HASTALANMAMA STRATEJİSİ
Aşırı antibiyotik kullanma. Storiale, “Geçtiğimiz 10 yıl içinde, iki ya da üç defadan daha fazla antibiyotik almamışımdır. Çünkü hastalanmanın doğal ve bağışıklık sistemimi güçlendirmeme vesile olduğunu düşünüyorum” diyor ve ekliyor: “İbuprofen veya parasetamol etken maddelerini içeren ağrı kesici ve benzeri ilaçları da nadiren kullanıyorum.”

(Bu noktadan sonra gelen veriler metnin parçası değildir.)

(* Let $p>1$, $q>1$ with $p^{-1}+q^{-1}>1$. Then the following holds, with a constant $C_{p,q}$ depending only on $p$ and $q$. For every interval $[a;b]$ and every two functions $f,g:[a;b]\to\mathbb{R}$ with no common points of discontinuity such that $f$ has finite $p$-variation and $g$ has finite $q$-variation on $[a;b]$, the Riemann–Stieltjes integral $\int_a^b f\,\mathrm{d}g$ exists and \[ \left|\int_a^b f\,\mathrm{d}g-f(a)\left[g(b)-g(a)\right]\right|\le C_{p,q}\,\|f\|_{p\text{-var},[a;b]}^{\,p-p/q}\,\|f\|_{\mathrm{osc},[a;b]}^{\,1+p/q-p}\,\|g\|_{q\text{-var},[a;b]}. \]
   Context: For $r>0$ the $r$-variation of $h:[a;b]\to\mathbb{R}$ is $V^{r}(h,[a;b])=\sup_n\sup_{a\le t_1<\dots<t_n\le b}\sum_{i=2}^{n}|h(t_i)-h(t_{i-1})|^{r}$, and $\|h\|_{r\text{-var},[a;b]}:=(V^{r}(h,[a;b]))^{1/r}$. Also $\|h\|_{\mathrm{osc},[a;b]}:=\sup_{a\le s<t\le b}|h(t)-h(s)|$. The Riemann–Stieltjes integral $\int_a^b f\,\mathrm{d}g$ exists if the sums $\sum_i f(\nu_i)[g(a_i)-g(a_{i-1})]$ over partitions $a=a_0<\dots<a_l=b$ with tags $\nu_i\in[a_{i-1};a_i]$ converge to a common limit as the mesh tends to $0$, independently of the tags. *)

From Stdlib Require Import Reals Lra.
From Coquelicot Require Import Coquelicot.
Open Scope R_scope.

(* x^y for x >= 0 with the convention 0^y = 0 (used only with y > 0). *)
Definition rpow (x y : R) : R := if Rlt_dec 0 x then Rpower x y else 0.

Fixpoint sumR (n : nat) (F : nat -> R) : R :=
  match n with O => 0 | S k => sumR k F + F k end.

(* Sums sum_{i=2}^{n} |h(t_i)-h(t_{i-1})|^r over a <= t_1 < ... < t_n <= b
   (points indexed here as t 0 < ... < t n, i.e. n steps). *)
Definition rvar_sums (r : R) (h : R -> R) (a b : R) (s : R) : Prop :=
  exists (n : nat) (t : nat -> R),
    a <= t O /\ t n <= b /\ (forall i, (i < n)%nat -> t i < t (S i)) /\
    s = sumR n (fun i => rpow (Rabs (h (t (S i)) - h (t i))) r).

Definition rvar (r : R) (h : R -> R) (a b : R) : Rbar := Lub_Rbar (rvar_sums r h a b).

Definition finite_rvar (r : R) (h : R -> R) (a b : R) : Prop := is_finite (rvar r h a b).

Definition rvar_norm (r : R) (h : R -> R) (a b : R) : R := rpow (real (rvar r h a b)) (/ r).

Definition osc_norm (h : R -> R) (a b : R) : R :=
  real (Lub_Rbar (fun d => exists s t, a <= s /\ s < t /\ t <= b /\ d = Rabs (h t - h s))).

Definition cont_in (h : R -> R) (a b x : R) : Prop :=
  forall eps, 0 < eps -> exists delta, 0 < delta /\
    forall y, a <= y <= b -> Rabs (y - x) < delta -> Rabs (h y - h x) < eps.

Dr. Tara Raymaakers, Storiale’nin stratejisinin mantıklı olduğunu söylüyor. Bağışıklık sistemini doğal şekilde güçlendirmeye çalışarak, hastalık yapıcı patojenlere karşı antikor üretimini teşvik edersiniz. Vücudunuz bir daha virüs veya bakteriyle karşılaştığında, antikorlar hemen savaşmaya girişir. Reçetesiz satılabilen ilaçlar bağışıklığı güçlendirmek adına faydasızdır, çünkü sadece hastalığın semptomlarını iyileştirirler. Bağışıklık ise hastalıkla daha önce karşılaşıp nasıl baş ettiğinizle ilgilidir.

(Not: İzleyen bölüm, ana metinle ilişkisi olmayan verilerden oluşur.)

Lemma initial_hom_eq {O : C} (hO : is_initial O) {W : C} (f g : hom O W) : f = g.
Proof. destruct (hO W) as [t Ht]. rewrite (Ht f), (Ht g). reflexivity. Qed.

Lemma initial_retract {A P : C} (s : hom A P) (r : hom P A) :
  s ≫ r = idm A -> is_initial P -> is_initial A.
Proof.
  intros Hsr hP W. destruct (hP W) as [t Ht]. exists (s ≫ t). intros g.
  rewrite <- (comp_idl g), <- Hsr, comp_assoc, (Ht (r ≫ g)). reflexivity.
Qed.

Lemma pullback_terminal_product {T A B P : C} (hT : is_terminal T)
    {a : hom A T} {b : hom B T} {p1 : hom P A} {p2 : hom P B} :
  is_pullback a b p1 p2 -> is_product p1 p2.
Proof. intros [_ U] Q q1 q2. apply U, (terminal_hom_eq hT). Qed.

Lemma product_terminal_l {T A : C} (hT : is_terminal T) (a : hom A T) :
  is_product a (idm A).
Proof.
  intros Q q1 q2. exists q2. split; [apply (terminal_hom_eq hT)|].
  split; [apply comp_idr|]. intros v _ Hv. rewrite comp_idr in Hv. exact Hv.
Qed.
End CategoryFacts.

Section ToposFacts.
Context {C : Topos}.

Lemma initial_exists : exists O : C, is_initial O.
Proof.
  destruct (@t_coproducts C Empty_set (fun e => match e with end)) as [O [inj H]].
  exists O. intros Y. destruct (H Y (fun e => match e with end)) as [u [_ Hu]].
  exists u. intros v. apply Hu. intros [].
Qed.

(* [Q ≅ P × A] with [P] initial: the transpose [P -> W^A] of any [Q -> W] is forced. *)
Lemma product_initial_l {P A Q : C} (q1 : hom Q P) (q2 : hom Q A) :
  is_initial P -> is_product q1 q2 -> is_initial Q.
Proof.
  intros hP Hq W.
  destruct (t_exponentials C A W) as [E [P' [e1 [e2 [ev [Hprod Hexp]]]]]].
  destruct (hP E) as [z Hz].
  destruct (Hprod Q (q1 ≫ z) q2) as [m [_ [_ Hm]]].
  exists (m ≫ ev). intros g.
  destruct (Hexp P Q q1 q2 g Hq) as [u [[m' [H1 [H2 H3]]] _]].
  rewrite (Hz u) in H1. rewrite <- H3. f_equal. exact (Hm m' H1 H2).
Qed.

(* [A] is a retract of [P × A] through [(f, idm A)]. *)
Lemma initial_strict {A P : C} (f : hom A P) : is_initial P -> is_initial A.
Proof.
  intros hP.
  destruct (t_terminal C) as [T hT].
  destruct (hT P) as [tP _]. destruct (hT A) as [tA _].
  destruct (t_pullbacks C P A T tP tA) as [Q [q1 [q2 Hpb]]].
  pose proof (pullback_terminal_product hT Hpb) as Hq.
  destruct (Hq A f (idm A)) as [s [_ [Hs _]]].
  exact (initial_retract s q2 Hs (product_initial_l q1 q2 hP Hq)).
Qed.

Definition jointly_epic {A : C} (R : forall P : C, hom P A -> Prop) : Prop :=
  forall W (f g : hom A W), (forall P (p : hom P A), R P p -> p ≫ f = p ≫ g) -> f = g.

Ne yaparsan, inanarak yap. Storiale’nin sağlıklı kalma zaferinin bir nedeni daha olabilir. Uçakların kadrolu yolcusu sayılan bu adam, kendini “oldukça iyimser” biri olarak tanımlıyor. Reçetesiz alınabilen ilaçlara karşı mesafeli duruşu onun için en iyi tedavi olabilir ama The Mind-Gut Connection kitabının yazarı ve aynı zamanda California Üniversitesi’nden gastroenterelog ve nörobilimci Dr. Emeran Mayer, optimizmin de sağlıklı olmak için olası bir neden olduğunu söylüyor. Dr. Mayer, inanmanın plasebo etkisi yarattığını düşünüyor. Pozitif düşünüp sizin için faydalı olduğuna inandığınız şeyleri yaptığınızda, beyniniz her şeyin daha iyi olacağını -iyileşeceğinizi- söylüyor ve vücudunuz söz dinleyen bir mekanizmaya dönüşüyor.